Dr. Alexander Reading was in Britain. I get cases from all over the country, Britain’s top trauma orthopedic surgeon. This guy basically couldn’t handle the guilt of a minor clinical error that did not kill the patient. He couldn’t handle it, so he died by perfectionism. These are very physician-unique situations.


And another very wonderful physician Dr. Lara Barnett we lost to untreated suicide and OCD, personal, tormenting herself from a perfectionism and OCD.

And then here’s another second year medical student, Neil Grover died. We don’t know why, suicide due to unknown reason. I think many of them are in this unknown reason category. Why are they there? I don’t know. We’ve never had a morbidity & mortality conferences to figure out why they died. So they just keep dying by suicide, and we keep pretending it’s not happening and sending prayers to the family and prayers for speedy healing. We need to actually address this as scientists. And so here are the 13 reasons why listed here.

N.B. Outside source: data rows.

(* Let $q$ be odd and $c\in{\mathbb F}_q$. Then $$\prod\{c-a: a\in\mathcal B_2^{--}\}=\begin{cases}2&c=2,\\ \left(\frac2q\right)2 & c=-2,\\ \sqrt{c+2}& c\in\mathcal B_2^{-+},\\ -\left(\frac2q\right)\sqrt{2-c}& c\in\mathcal B_2^{+-},\\ 2 & c\in\mathcal B_2^{++}\text{ and }\sqrt{c+2}\in\mathcal B_2^{++},\\ -2& c\in\mathcal B_2^{++}\text{ and }\sqrt{c+2}\notin\mathcal B_2^{++},\\ 0& c\in\mathcal B_2^{--},\end{cases}$$ where in the third case $\sqrt{c+2}$ is chosen so that $\sqrt{c+2}+2$ is a square, and in the fourth case $\sqrt{2-c}$ is chosen so that $\sqrt{2-c}+2$ is a nonsquare. Moreover, if $c\in\mathcal B_2^{++}$ then the two square roots $\pm\sqrt{c+2}$ either both lie in $\mathcal B_2^{++}$ or both lie in $\mathcal B_2^{--}$.
   Context: $\left(\frac{a}{q}\right)$ is the Legendre symbol on ${\mathbb F}_q$. For $\varepsilon_1,\varepsilon_2\in\{1,-1\}$ (written $+,-$), $\mathcal B_2^{\varepsilon_1,\varepsilon_2}=\{b\in{\mathbb F}_q:\left(\frac{2-b}{q}\right)=\varepsilon_1,\ \left(\frac{2+b}{q}\right)=\varepsilon_2\}$. Note ${\mathbb F}_q=\{2,-2\}\sqcup\bigsqcup_{\varepsilon_1,\varepsilon_2}\mathcal B_2^{\varepsilon_1,\varepsilon_2}$. *)

From HB Require Import structures.
From mathcomp Require Import all_boot all_order all_algebra all_field.
Set Implicit Arguments. Unset Strict Implicit. Unset Printing Implicit Defensive.
Import Order.TTheory GRing.Theory Num.Theory.
Local Open Scope ring_scope.

Definition legendre (F : finFieldType) (a : F) : int :=
  if a == 0 then 0 else if [exists b : F, b ^+ 2 == a] then 1 else -1.

Definition B2 (F : finFieldType) (e1 e2 : int) : {set F} :=
  [set b : F | (legendre (2 - b) == e1) && (legendre (2 + b) == e2)].

From HB Require Import structures.
From mathcomp Require Import all_boot all_order all_algebra all_field.
From mathcomp Require Import ring zify.
Set Implicit Arguments. Unset Strict Implicit. Unset Printing Implicit Defensive.
Import Order.TTheory GRing.Theory Num.Theory.
Local Open Scope ring_scope.

(* Write m = (q - 1) / 2, so that Euler's criterion reads (a/q) = a ^ m.  Everything
   follows from the polynomial identity
     (X + 2) ^ (m + 1) + (2 - X) ^ (m + 1) = 2 * prod_(a in B--) (X ^ 2 - (2 + a)).
   The nonsquares n = 2 + a are exactly the a in B-- and B+-, and their product
   prod (X - n) is X ^ m + 1; hence the right-hand side D0 for B-- and its analogue D1
   for B+- satisfy D0 * D1 = X ^ (q - 1) + 1, while the sum and difference U, V of the
   two powers satisfy U * V = 4 X (X ^ (q - 1) + 1) and are coprime.  The squares U ^ 2
   and V ^ 2 are polynomials in X ^ 2 vanishing at 2 + a for a in B-- resp. B+-, so
   D0 divides U ^ 2 and hence U; likewise X * D1 divides V.  Comparing leading
   coefficients then gives U = 2 * D0.
   Evaluating at s with s ^ 2 = c + 2 gives 2 P(c) = (s + 2) (s + 2) ^ m + (2 - s) (2 - s) ^ m,
   where (s + 2) ^ m (2 - s) ^ m = (2 - c) ^ m; this settles every case, the case of B+-
   being reduced to B-+ by P(c) = (2/q) P(-c), which holds because B-- = - B--. *)

Lemma monic_dvdp_mul_eq (R : idomainType) (f g p r : {poly R}) :
    f \is monic -> p \is monic -> f * g != 0 ->
  p %| f -> r %| g -> p * r = f * g -> p = f.
Proof.
move=> fmon pmon fg0 pf rg prE.
have [f0 g0] : f != 0 /\ g != 0 by apply/andP; rewrite -negb_or -mulf_eq0.
have [p0 r0] : p != 0 /\ r != 0 by apply/andP; rewrite -negb_or -mulf_eq0 prE.
have := congr1 (fun q : {poly R} => size q) prE; rewrite /= !size_mul //.
have := dvdp_leq f0 pf; have := dvdp_leq g0 rg.
rewrite -size_poly_gt0 in p0 r0 f0 g0.
move=> ???; apply/eqP; rewrite -eqp_monic // -dvdp_size_eqp //; apply/eqP; lia.
Qed.

Lemma coprimep_addB (R : fieldType) (p q : {poly R}) :
  (2 : R) != 0 -> coprimep p q -> coprimep (p + q) (p - q).
Proof.
move=> two0 /Bezout_coprimepP [[u v] /= uv]; apply/Bezout_coprimepP.
exists ((2^-1)%:P * (u + v), (2^-1)%:P * (u - v)) => /=.
suff -> : (2^-1)%:P * (u + v) * (p + q) + (2^-1)%:P * (u - v) * (p - q) = u * p + v * q by [].
have half2 : (2^-1)%:P * 2 = 1 :> {poly R}.
  by rewrite -(rmorph_nat polyC 2) -polyCM mulVf // polyC1.
set h := (2^-1)%:P in half2 *; rewrite -[RHS]mul1r -half2; ring.
Qed.

Lemma dvdp_of_dvdp_sqr (R : fieldType) (d u v : {poly R}) :
  d %| u ^+ 2 -> coprimep u v -> d %| u * v -> d %| u.
Proof.
move=> du2 uv; rewrite Gauss_dvdpl //.
by apply: coprimep_dvdr du2 _; apply: coprimep_expl.
Qed.

Lemma odd_size_comp_X2 (R : idomainType) (p : {poly R}) :
  p != 0 -> odd (size (p \Po 'X^2)).
Proof.
move=> p0; have := size_comp_poly p 'X^2; rewrite size_polyXn /=.
have : (0 < size (p \Po 'X^2))%N by rewrite size_poly_gt0 comp_poly_eq0 ?size_polyXn.
by case: size => //= n _ ->; rewrite oddM andbF.
Qed.

Lemma lead_coefD_odd_even (R : nzRingType) (p q : {poly R}) :
    odd (size p) -> ~~ odd (size q) ->
  lead_coef (p + q) = lead_coef p \/ lead_coef (p + q) = lead_coef q.
Proof.
move=> op eq; case: (ltngtP (size p) (size q)) => [lt|gt|pq].
- by right; rewrite lead_coefDr.
- by left; rewrite lead_coefDl.
- by move: eq; rewrite -pq op.
Qed.

Lemma monic_comp_X2 (R : idomainType) (p : {poly R}) :
  p \is monic -> p \Po 'X^2 \is monic.
Proof.
move=> pmon; rewrite monicE lead_coef_comp ?size_polyXn //.
by rewrite lead_coefXn expr1n mulr1 -monicE.
Qed.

I think you have copies of these. I think you have a PDF copy of my slideshow, if you want to look through this later. I divided these into three categories, which basically we have a lack of mental healthcare category, and inhumane medical training category, which has a lot to do with why these people are dying. And they would’ve been okay as real estate agents and other professions. But because our medical training is warped and unethical medical practice is a problem, that’s killing doctors.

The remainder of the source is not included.